Monday, February 18, 2013

What's the water like?

A couple weeks ago our pond experts Richard and Dave came by to conduct testing on our 4 Winds Pond

With all of the snow we had just received, it took some time to get down to the ice. And of course snow was falling all the while. In the photo below, Richard is auguring the hole while Dave is preparing the testing equipment. I am staying nice and toasty warm while watching them work. I will say my fingers did get cold taking photos.

Once the hole was dug, the testing could begin. First, Dave measured the depth of the water. This handheld device is what ice fisherman will use to measure water depth. The majority of us on the Farm expected the deepest water to be around 8 feet. In this location, which Joe has named Aksarben Bay and believed to be the deepest part of the pond, the depth measured 6 feet. (A second depth reading towards the east end of the pond also measured 6 feet.) 

While we dug a hole to measure the water depth, Dave's device can actually measure through the ice. Thus, they recommend we use an aerial photo of the pond printed on grid paper and Dave's device to create a topographic map of the pond. 

Understanding the topography (or terrain at the bottom) of the pond will inform and direct how we go about excavating the pond. In 4 Winds Pond, multiple depth levels are preferred. I might sound smart about this, but I am simply relating what our experts told me.
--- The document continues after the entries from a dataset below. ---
(* Let $S\subset\mathbb{R}^d$ be a nonempty compact convex set with diameter $D:=\sup_{x,y\in S}\|x-y\|$, and let $f$ be differentiable on $S$ with $L$-Lipschitz gradient on $S$ (not necessarily convex). Let $G:=\sup_{x\in S}\|\nabla f(x)\|<\infty$, fix $C\ge\max\{LD^2,\,GD\}$ with $C>0$, and let $f^*:=\inf_{x\in S}f(x)$. Let $\delta\ge0$ and suppose that for every $x\in S$ a vector $g_\delta(x)\in\mathbb{R}^d$ is available with \[ \big|\langle \nabla f(x)-g_\delta(x),\,s-x\rangle\big|\le\delta\quad\text{for all } s\in S. \] Given $x^0\in S$, define iterates for $k=0,1,2,\dots$ by choosing $s^k\in\arg\min_{s\in S}\langle g_\delta(x^k),\,s-x^k\rangle$, setting $\tilde g_k:=\langle g_\delta(x^k),\,x^k-s^k\rangle$, $\overline\alpha_k:=(\tilde g_k-\delta)_+/C$ where $(u)_+:=\max\{u,0\}$, and $x^{k+1}:=x^k+\overline\alpha_k(s^k-x^k)$. Let $\mathcal{G}(x):=\max_{s\in S}\langle\nabla f(x),\,x-s\rangle$ denote the Frank–Wolfe gap. Then for every $K\ge0$, \[ \min_{0\le k\le K}\mathcal{G}(x^k)\le\sqrt{\frac{2C\,(f(x^0)-f^* )}{K+1}}+2\delta . \] In particular, for any $\varepsilon>2\delta$, $\min_{0\le k\le K}\mathcal{G}(x^k)\le\varepsilon$ holds whenever \[ K+1\ge\frac{2C\,(f(x^0)-f^* )}{(\varepsilon-2\delta)^2}. \]
   Context: $\|\cdot\|$ is the Euclidean norm and $\langle\cdot,\cdot\rangle$ the Euclidean inner product. (In the paper the Frank–Wolfe gap is denoted $G(x)$; here it is written $\mathcal{G}(x)$ to distinguish it from the gradient bound $G$.) *)

From HB Require Import structures.
From mathcomp Require Import all_boot all_order all_algebra.
From mathcomp Require Import all_classical all_reals all_analysis.
Set Implicit Arguments. Unset Strict Implicit. Unset Printing Implicit Defensive.
Import Order.TTheory GRing.Theory Num.Theory.
Import numFieldNormedType.Exports.
Local Open Scope classical_set_scope.
Local Open Scope ring_scope.

Definition inner (R : realType) (d : nat) (u v : 'rV[R]_d) : R :=
  \sum_(i < d) u 0 i * v 0 i.

Definition enorm (R : realType) (d : nat) (u : 'rV[R]_d) : R :=
  Num.sqrt (inner u u).

Definition diam (R : realType) (d : nat) (S : set 'rV[R]_d) : R :=
  sup [set enorm (x - y) | x in S & y in S].

Definition is_gradient_on (R : realType) (d : nat) (S : set 'rV[R]_d)
  (f : 'rV[R]_d -> R) (grad : 'rV[R]_d -> 'rV[R]_d) : Prop :=
  forall x, S x -> differentiable f x /\ forall v, 'd f x v = inner (grad x) v.

Definition fw_gap (R : realType) (d : nat) (S : set 'rV[R]_d)
  (grad : 'rV[R]_d -> 'rV[R]_d) (x : 'rV[R]_d) : R :=
  sup [set inner (grad x) (x - s) | s in S].

Definition pos_part (R : realType) (u : R) : R := Num.max u 0.

Definition min_upto (R : realType) (a : nat -> R) (K : nat) : R :=
  \big[Num.min/a 0%N]_(0 <= k < K.+1) a k.

From HB Require Import structures.
From mathcomp Require Import all_boot all_order all_algebra.
From mathcomp Require Import all_classical all_reals all_analysis.
From mathcomp Require Import ring lra.
Import Order.TTheory GRing.Theory Num.Theory.
Import numFieldNormedType.Exports.
Local Open Scope classical_set_scope.
Local Open Scope ring_scope.

(* With the oracle error delta, the Frank-Wolfe direction satisfies
   <grad f(x^k), s^k - x^k> <= -(g~_k - delta), and L |s^k - x^k|^2 <= L D^2 <= C.
   Plugged into the descent lemma for an L-smooth f, the step
   (g~_k - delta)_+ / C, which lies in [0, 1] because g~_k - delta <= G D <= C,
   decreases f by at least (g~_k - delta)_+^2 / (2C).  Telescoping bounds
   sum_{k <= K} (g~_k - delta)_+^2 by 2C (f(x^0) - f^* ), so the smallest
   (g~_k - delta)_+ is at most sqrt(2C (f(x^0) - f^* ) / (K+1)).  The oracle
   bound also shows that the Frank-Wolfe gap at x^k is at most
   g~_k + delta <= (g~_k - delta)_+ + 2 delta. *)

Section Inner.
Context {R : realType} {d : nat}.
Implicit Types u v w : 'rV[R]_d.

Lemma innerC u v : inner u v = inner v u.
Proof. by apply: eq_bigr => i _; rewrite mulrC. Qed.

Lemma innerDl u v w : inner (u + v) w = inner u w + inner v w.
Proof. by rewrite /inner -big_split; apply: eq_bigr => i _; rewrite mxE mulrDl. Qed.

Lemma innerZl a u w : inner (a *: u) w = a * inner u w.
Proof. by rewrite /inner mulr_sumr; apply: eq_bigr => i _; rewrite mxE mulrA. Qed.

Lemma innerNl u w : inner (- u) w = - inner u w.
Proof. by rewrite -scaleN1r innerZl mulN1r. Qed.

Lemma innerBl u v w : inner (u - v) w = inner u w - inner v w.
Proof. by rewrite innerDl innerNl. Qed.

Lemma innerBr u v w : inner w (u - v) = inner w u - inner w v.
Proof. by rewrite innerC innerBl !(innerC w). Qed.

Lemma innerZr a u w : inner w (a *: u) = a * inner w u.
Proof. by rewrite innerC innerZl innerC. Qed.

Lemma inner_ge0 u : 0 <= inner u u.
Proof. by apply: sumr_ge0 => i _; rewrite -expr2 sqr_ge0. Qed.

Lemma enorm_ge0 u : 0 <= enorm u.
Proof. exact: sqrtr_ge0. Qed.

Lemma enormZ a u : enorm (a *: u) = `|a| * enorm u.
Proof. by rewrite /enorm innerZl innerZr mulrA -expr2 sqrtrM ?sqr_ge0 // sqrtr_sqr. Qed.

Lemma inner_lagrange u v :
  2 * (inner u u * inner v v - inner u v ^+ 2) =
  \sum_(i < d) \sum_(j < d) (u 0 i * v 0 j - u 0 j * v 0 i) ^+ 2.
Proof.
have sqr_expand i j : (u 0 i * v 0 j - u 0 j * v 0 i) ^+ 2 =
    (u 0 i * u 0 i) * (v 0 j * v 0 j) + (u 0 j * u 0 j) * (v 0 i * v 0 i)
    - 2 * ((u 0 i * v 0 i) * (u 0 j * v 0 j)) by ring.
under eq_bigr => i _ do under eq_bigr => j _ do rewrite sqr_expand.
rewrite /inner.
under eq_bigr => i _ do rewrite sumrB big_split /= -?mulr_sumr -?mulr_suml -?mulr_sumr.
rewrite sumrB big_split /= -?mulr_suml -?mulr_sumr -?mulr_suml expr2; ring.
Qed.

Lemma inner_cauchy_schwarz u v : `|inner u v| <= enorm u * enorm v.
Proof.
have sqr_le : inner u v ^+ 2 <= inner u u * inner v v.
  have : 0 <= 2 * (inner u u * inner v v - inner u v ^+ 2).
    by rewrite inner_lagrange; do 2![apply: sumr_ge0 => ? _]; exact: sqr_ge0.
  lra.
by rewrite /enorm -sqrtrM ?inner_ge0 // -sqrtr_sqr ler_sqrt // mulr_ge0 ?inner_ge0.
Qed.

Lemma inner_le_enorm u v : inner u v <= enorm u * enorm v.
Proof. exact: le_trans (ler_norm _) (inner_cauchy_schwarz u v). Qed.

Lemma enorm_le_mx_norm u : enorm u <= Num.sqrt d%:R * `|u|.
Proof.
have entry_le i : `|u 0 i| <= `|u|.
  by rewrite /Num.norm /= mx_normrE; apply: le_trans (le_bigmax _ _ (ord0, i)) => /=.
rewrite -[`|u|]ger0_norm // -sqrtr_sqr -sqrtrM // ler_sqrt ?mulr_ge0 ?sqr_ge0 //.
rewrite -[d in d%:R]card_ord mulr_natl -sumr_const; apply: ler_sum => i _.
by rewrite -expr2 -real_normK ?num_real // lerXn2r ?nnegrE.
Qed.

End Inner.

Lemma convex_set_segment {R : numDomainType} {E : lmodType R}
    {S : set (convex_lmodType E)} {x y : E} {t : R} :
  convex_set S -> S x -> S y -> 0 <= t <= 1 -> S (x + t *: (y - x)).
Proof.
move=> cvS Sx Sy /andP[t0 t1].
have /set_mem := cvS y x (Itv01 t0 t1) (mem_set Sy) (mem_set Sx).
suff -> : x + t *: (y - x) = t *: y + (1 - t) *: x by [].
by rewrite scalerBr scalerBl scale1r addrC (addrC x) addrA.
Qed.

Lemma is_derive_along {R : realType} {V W : normedModType R} {f : V -> W}
    {x v : V} {t : R} :
  differentiable f (x + t *: v) ->
  is_derive t 1 (fun r : R => f (x + r *: v)) ('d f (x + t *: v) v).
Proof.
move=> df.
have quot : (fun h : R => h^-1 *: (f (x + (h *: 1 + t) *: v) - f (x + t *: v))) =
            (fun h : R => h^-1 *: (f (h *: v + (x + t *: v)) - f (x + t *: v))).
  by apply: funext => h; rewrite [h *: 1]mulr1 scalerDl addrCA (addrC x) addrA.
apply: DeriveDef; first by rewrite /derivable quot; exact: diff_derivable.
by rewrite /derive quot -deriveE.
Qed.
Definition esqrt (e : \bar R) : \bar R :=
  match e with
  | EFin r => (Num.sqrt r)%:E
  | +oo%E => +oo%E
  | -oo%E => 0%E
  end.

Definition Hsq (u : nat -> R) : \bar R := (\sum_(0 <= k <oo) ((u k) ^+ 2)%:E)%E.
Definition Hnorm (u : nat -> R) : \bar R := esqrt (Hsq u).
Definition inH (u : nat -> R) : Prop := (Hsq u < +oo)%E.

Definition Hbsq (alpha : nat -> R) (beta : R) (x : nat -> R) : \bar R :=
  (\sum_(0 <= k <oo) ((alpha k `^ beta) * (x k) ^+ 2)%:E)%E.
Definition inHb alpha beta (x : nat -> R) : Prop := (Hbsq alpha beta x < +oo)%E.
(* real-valued norms, meaningful on elements of the respective spaces *)
Definition Hbnorm alpha beta (x : nat -> R) : R := Num.sqrt (fine (Hbsq alpha beta x)).
Definition Hnormr (y : nat -> R) : R := Num.sqrt (fine (Hsq y)).

Definition expm2 (M : 'M[R]_2) : 'M[R]_2 :=
  \matrix_(i, j) limn (series (fun n => (M ^+ n) i j / (n`!)%:R)).

(* the restriction of A_mu(x,y) = (y, (Ax - y)/mu) to the k-th mode,
   acting on column vectors (x_k, y_k) *)
Definition Amu_mode (alpha : nat -> R) (mu : R) (k : nat) : 'M[R]_2 :=
  \matrix_(i, j)
    (if (i : nat) == 0%N then (if (j : nat) == 0%N then 0 else 1)
     else (if (j : nat) == 0%N then - alpha k / mu else - 1 / mu)).

(* the group S_mu(t) generated by A_mu (diagonal in the eigenbasis):
   on each mode it is the matrix exponential exp(t A_mu,k) *)
Definition Smu (alpha : nat -> R) (mu t : R) (xy : (nat -> R) * (nat -> R))
  : (nat -> R) * (nat -> R) :=
  (fun k => let E := expm2 (t *: Amu_mode alpha mu k) in
            E 0 0 * xy.1 k + E 0 1 * xy.2 k,
   fun k => let E := expm2 (t *: Amu_mode alpha mu k) in
            E 1 0 * xy.1 k + E 1 1 * xy.2 k).

Definition Pi1 (xy : (nat -> R) * (nat -> R)) : nat -> R := xy.1.

Definition Sheat (alpha : nat -> R) (t : R) (x : nat -> R) : nat -> R :=
  fun k => expR (- (alpha k * t)) * x k.

Definition sup_dev (alpha : nat -> R) (beta T Rr mu : R) : \bar R :=
  ereal_sup [set e | exists x y t,
     [/\ inHb alpha beta x, inH y,
         Hbnorm alpha beta x + Num.sqrt mu * Hnormr y <= Rr,
         0 <= t <= T &
         e = Hnorm (fun k => Pi1 (Smu alpha mu t (x, y)) k - Sheat alpha t x k)]].

End Defs.
Lemma atan_kernel_derive_continuous (x t : R) :
  continuity_2d_pt (fun u v => Derive (fun z => atan_kernel z v) u) x t.
Proof.
  apply continuity_2d_pt_ext with (f := fun u v => -2 * u * exp (- u ^ 2 * (1 + v ^ 2))).
  { intros u v. symmetry. apply is_derive_unique, is_derive_atan_kernel. }
  apply continuity_2d_pt_mult.
  - apply continuity_2d_pt_mult; [apply continuity_2d_pt_const | apply continuity_2d_pt_id1].
  - apply continuity_1d_2d_pt_comp with (f := exp).
    + apply derivable_continuous_pt, derivable_pt_exp.
    + apply continuity_2d_pt_mult.
      * apply continuity_2d_pt_opp, continuity_2d_pt_mult; [apply continuity_2d_pt_id1 |].
        apply continuity_2d_pt_mult; [apply continuity_2d_pt_id1 | apply continuity_2d_pt_const].
      * apply continuity_2d_pt_plus; [apply continuity_2d_pt_const |].
        apply continuity_2d_pt_mult; [apply continuity_2d_pt_id2 |].
        apply continuity_2d_pt_mult; [apply continuity_2d_pt_id2 | apply continuity_2d_pt_const].
Qed.

(* Substitute [t := x t] and split [exp (- x^2 (1 + t^2)) = exp (- x^2) exp (- (x t)^2)]. *)
Lemma RInt_atan_kernel_derive (x : R) :
  RInt (fun t => -2 * x * exp (- x ^ 2 * (1 + t ^ 2))) 0 1 = -2 * exp (- x ^ 2) * gauss_int x.
Proof.
  rewrite (@RInt_ext R_CompleteNormedModule _
             (fun t => scal (-2 * exp (- x ^ 2)) (scal x (gauss (x * t + 0))))).
  - rewrite (@RInt_scal R_CompleteNormedModule).
    + rewrite (@RInt_comp_lin R_CompleteNormedModule) by apply ex_RInt_gauss.
      unfold gauss_int, scal; simpl; unfold mult; simpl. f_equal; f_equal; ring.
    + apply (@ex_RInt_continuous R_CompleteNormedModule). intros.
      apply continuous_of_ex_derive. unfold gauss, scal; simpl; unfold mult; simpl.
      auto_derive. auto.
  - intros t _. unfold gauss, scal; simpl; unfold mult; simpl.
    replace (- (x * (x * 1)) * (1 + t * (t * 1)))
      with (- (x * (x * 1)) + - ((x * t + 0) * ((x * t + 0) * 1))) by ring.
    rewrite exp_plus. ring.
Qed.
(* Let $\tau$ be a primitive, aperiodic substitution and let $g_1,g_2$ be generators for $\tau$. Then $g_1^*\sim_r g_2^*$ holds if and only if there exist generators $g_1'\sim_G g_1$ and $g_2'\sim_G g_2$ whose right wings are identical.
   Context: Let $\mathcal{A}$ be a finite nonempty alphabet, $\mathcal{A}^*$ the finite words over $\mathcal{A}$ (including the empty word), $\mathcal{A}^+$ the nonempty words, $|u|$ the length of $u$. A word $u$ is a factor of $v$ if $v=w_1uw_2$ for some words $w_1,w_2$. A substitution is a map $\tau:\mathcal{A}\to\mathcal{A}^+$ extended to a concatenation-respecting map on words and letterwise to sequences. For $x\in\mathcal{A}^{\mathbb{Z}}$, $x_{[i]}$ denotes the letter at index $i$ and $x_{[i,j]}$ the word $x_{[i]}\cdots x_{[j]}$. The language $\mathcal{L}(\tau)$ is the set of words that are factors of $\tau^n(a)$ for some letter $a$ and some $n\ge1$; $X_\tau=\{x\in\mathcal{A}^{\mathbb{Z}}: x_{[i,j]}\in\mathcal{L}(\tau)\ \forall i\le j\}$. $\tau$ is primitive if there is $n\ge1$ such that every letter $b$ is a factor of $\tau^n(a)$ for every letter $a$, and there is a letter $a$ such that for every $N$ there is $n$ with $|\tau^n(a)|>N$; a primitive $\tau$ is aperiodic if $X_\tau$ is infinite. A generator for $\tau$ is a triple $(v,u,w)$ with $v,u,w\in\mathcal{A}^+$, $u\in\mathcal{L}(\tau)$ and $\tau(u)=vuw$; $v$, $u$, $w$ are its left wing, center and right wing, and its length is $|u|$. Its completion $(v,u,w)^*\in X_\tau$ is the two-sided sequence $\cdots\tau^2(v)\tau(v)vu.w\tau(w)\tau^2(w)\cdots$, i.e. the left-infinite word $\cdots\tau^2(v)\tau(v)vu$ occupies the negative indices, ending at index $-1$, and the right-infinite word $w\tau(w)\tau^2(w)\cdots$ occupies the indices $\ge0$, starting at index $0$. If $(v,u,cw)$ is a generator with $c\in\mathcal{A}$, $w\in\mathcal{A}^*$, its right extension is the generator $(v,uc,w\tau(c))$; if $(vc,u,w)$ is a generator with $c\in\mathcal{A}$, $v\in\mathcal{A}^*$, its left extension is the generator $(\tau(c)v,cu,w)$. Two generators $g_1,g_2$ are G related ($g_1\sim_G g_2$) if there is a generator $g_3$ obtainable from $g_1$ and also from $g_2$ by finite (possibly empty) sequences of left and right extensions. For $x,y\in X_\tau$, $x\sim_r y$ (right tail equivalence) means there are $m,M\in\mathbb{Z}$ with $x_{[i]}=y_{[i+m]}$ for all $i\ge M$. *)

From mathcomp Require Import all_boot all_order all_algebra.
Set Implicit Arguments. Unset Strict Implicit. Unset Printing Implicit Defensive.

Section Subst.
Variable A : finType.
Variable tau : A -> seq A.

Definition subst (s : seq A) : seq A := flatten (map tau s).
Definition substn (n : nat) (s : seq A) : seq A := iter n subst s.

Definition in_lang (u : seq A) : Prop :=
  exists (a : A) (n : nat), 0 < n /\ infix u (substn n [:: a]).

Definition window (x : int -> A) (i j : int) : seq A :=
  mkseq (fun k => x (i + (k%:Z))%R) (absz (j - i)%R).+1.

Definition in_X (x : int -> A) : Prop :=
  forall i j : int, (i <= j)%R -> in_lang (window x i j).

Definition primitive : Prop :=
  (forall a, tau a <> [::]) /\
  (exists n, 0 < n /\ forall a b : A, b \in substn n [:: a]) /\
  (exists a : A, forall N, exists n, N < size (substn n [:: a])).

(* X_tau infinite *)
Definition aperiodic : Prop :=
  primitive /\ ~ exists (n : nat) (f : 'I_n -> (int -> A)), forall x, in_X x -> exists i, f i = x.
Lemma hyperidealN x : P x -> P (- x).
Proof.
by move=> Px; rewrite -sub0r; apply: hyperidealB => //; apply: hyperideal0.
Qed.

Lemma hyperidealD x y : P x -> P y -> P (x + y).
Proof.
by move=> Px Py; rewrite -[y]opprK; apply: hyperidealB => //; apply: hyperidealN.
Qed.

Lemma hyperidealM r x z : P x -> hm r x z -> P z.
Proof. by case: idealP => _ [_ mulP] Px; apply: mulP. Qed.

End Hyperideal.

Lemma hyperideal_of_strongC P : strong_C_hyperideal hm P -> hyperideal hm P.
Proof. by case. Qed.

Lemma hyperideal_of_prime P : prime_hyperideal hm P -> hyperideal hm P.
Proof. by case. Qed.

Lemma hprod1 c d z : hprod hm c [:: d] z <-> hm c d z.
Proof.
rewrite /hprod /= /setmul /hset1; split; first by case=> _ [_ [-> [->]]].
by move=> cdz; exists c, d.
Qed.

Section StrongC.
Variable P : hset H.
Hypothesis strongP : strong_C_hyperideal hm P.

Lemma strongC_sum2 c1 d1 c2 d2 a0 b0 a b :
  hm c1 d1 a0 -> hm c2 d2 b0 -> P (a0 + b0) ->
  hm c1 d1 a -> hm c2 d2 b -> P (a + b).
Proof.
case: strongP => _ closedP h1 h2 Psum0 h1' h2'.
apply: (closedP (c1, [:: d1]) [:: (c2, [:: d2])]).
  by exists (a0 + b0); split => //; exists a0, b0; rewrite !hprod1.
by exists a, b; rewrite !hprod1.
Qed.

Lemma strongC_sum4 c1 d1 c2 d2 c3 d3 c4 d4 a0 b0 e0 f0 a b e f :
  hm c1 d1 a0 -> hm c2 d2 b0 -> hm c3 d3 e0 -> hm c4 d4 f0 ->
  P (a0 + b0 + e0 + f0) ->
  hm c1 d1 a -> hm c2 d2 b -> hm c3 d3 e -> hm c4 d4 f -> P (a + b + e + f).
Proof.
case: strongP => _ closedP h1 h2 h3 h4 Psum0 h1' h2' h3' h4'.
have sum4 a' b' e' f' : hm c1 d1 a' -> hm c2 d2 b' -> hm c3 d3 e' ->
    hm c4 d4 f' ->
    Csum hm (c1, [:: d1]) [:: (c2, [:: d2]); (c3, [:: d3]); (c4, [:: d4])]
      (a' + b' + e' + f').
  move=> ha hb he hf; exists (a' + b' + e'), f'; rewrite hprod1; split=> //.
  exists (a' + b'), e'; rewrite hprod1; split=> //.
  by exists a', b'; rewrite !hprod1.
apply: closedP; last exact: sum4.
by exists (a0 + b0 + e0 + f0); split=> //; apply: sum4.
Qed.

End StrongC.

Hypothesis hmR : cm_hyperring hm.

Lemma hm_sym x y z : hm x y z -> hm y x z.
Proof. exact: (hm_comm hmR x y z).1. Qed.

Lemma hmNl x y z : hm x y z -> hm (- x) y (- z).
Proof. by move=> xyz; apply: (hm_oppl hmR x y (- z)).2; exists z. Qed.

Lemma hmNr_opp x y z : hm x (- y) z -> exists2 c, hm x y c & z = - c.
Proof. by move=> /(hm_oppr hmR x y z).1 [c []]; exists c. Qed.

Lemma hmNN x y z : hm x y z -> hm (- x) (- y) z.
Proof.
move=> xyz; apply: (hm_oppl hmR x (- y) z).2; exists (- z).
by rewrite opprK; split=> //; apply: (hm_oppr hmR x y (- z)).2; exists z.
Qed.

Lemma hyperidealMl P r x z : hyperideal hm P -> P x -> hm x r z -> P z.
Proof. move=> idealP Px /hm_sym rxz; exact: (hyperidealM idealP Px rxz). Qed.

Lemma hm_subD_expand x y z : hm (x - y) (x + y) z ->
  exists a c c' d, [/\ hm x x a, hm x y c, hm y x c', hm y y d
                     & z = a - c + c' - d].
Proof.
move=> /(hm_distr hmR) [p [q [/hm_sym p_xxy [/hm_sym q_yxy ->]]]].
have [a [b [xxa [/hmNr_opp [c xyc ->] ->]]]] := hm_distr hmR p_xxy.
have [c' [e [yxc [/hmNr_opp [d yyd ->] ->]]]] := hm_distr hmR q_yxy.
by exists a, c, c', d; split=> //; rewrite addrA.
Qed.

Lemma sq_diff_sub_prime P x y :
  prime_hyperideal hm P -> strong_C_hyperideal hm P ->
  hsub_set (sq_diff hm x y) P -> P (x - y) \/ P (x + y).
Proof.
move=> [_ [_ primeP]] strongP sqP; apply: primeP => z.
case/hm_subD_expand=> [a [c [c' [d [xxa xyc yxc yyd ->]]]]].
have [a0 xxa0] := hm_nonempty hmR x x.
have [c0 xyc0] := hm_nonempty hmR x y.
have [d0 yyd0] := hm_nonempty hmR y y.
apply: (strongC_sum4 strongP xxa0 (hmNl xyc0) (hm_sym xyc0) (hmNl yyd0) _
          xxa (hmNl xyc) yxc (hmNl yyd)).
by rewrite subrK; apply: sqP; exists a0, d0.
Qed.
I am sure that the device Dave is using in the photo above has a long and very important sounding name. It's just that I forgot to ask him what it is. However, I can tell you what it measures. With this tool the guys recorded water temperature, dissolved oxygen levels, alkalinity, and pH. 

I don't expect I need to say much about temperature. It would be obvious that temperature plays a bigger role in the summer months. Trout are a fish that would need colder water. 

Dissolved oxygen (DO) is very important to know prior to stocking fish. DO levels need to be high enough for the fish to have oxygen for fish respiration, or breathing. In the winter, sunlight can pass through the ice and aquatic plants can continue to photosynthesize  That's a good thing because that would create oxygen for the fish. Late winter DO measurements show if that process is happening. 4 Winds Pond had DO readings that were very encouraging, they were high enough for fish to survive through the winter months. 

Alkalinity measurements help inform where the water is coming from and also the ponds ability to neutralize acids. The pH measurement is the acidity of the pond. My limnology is a bit weak so I won't write anymore on their influence on 4 Winds.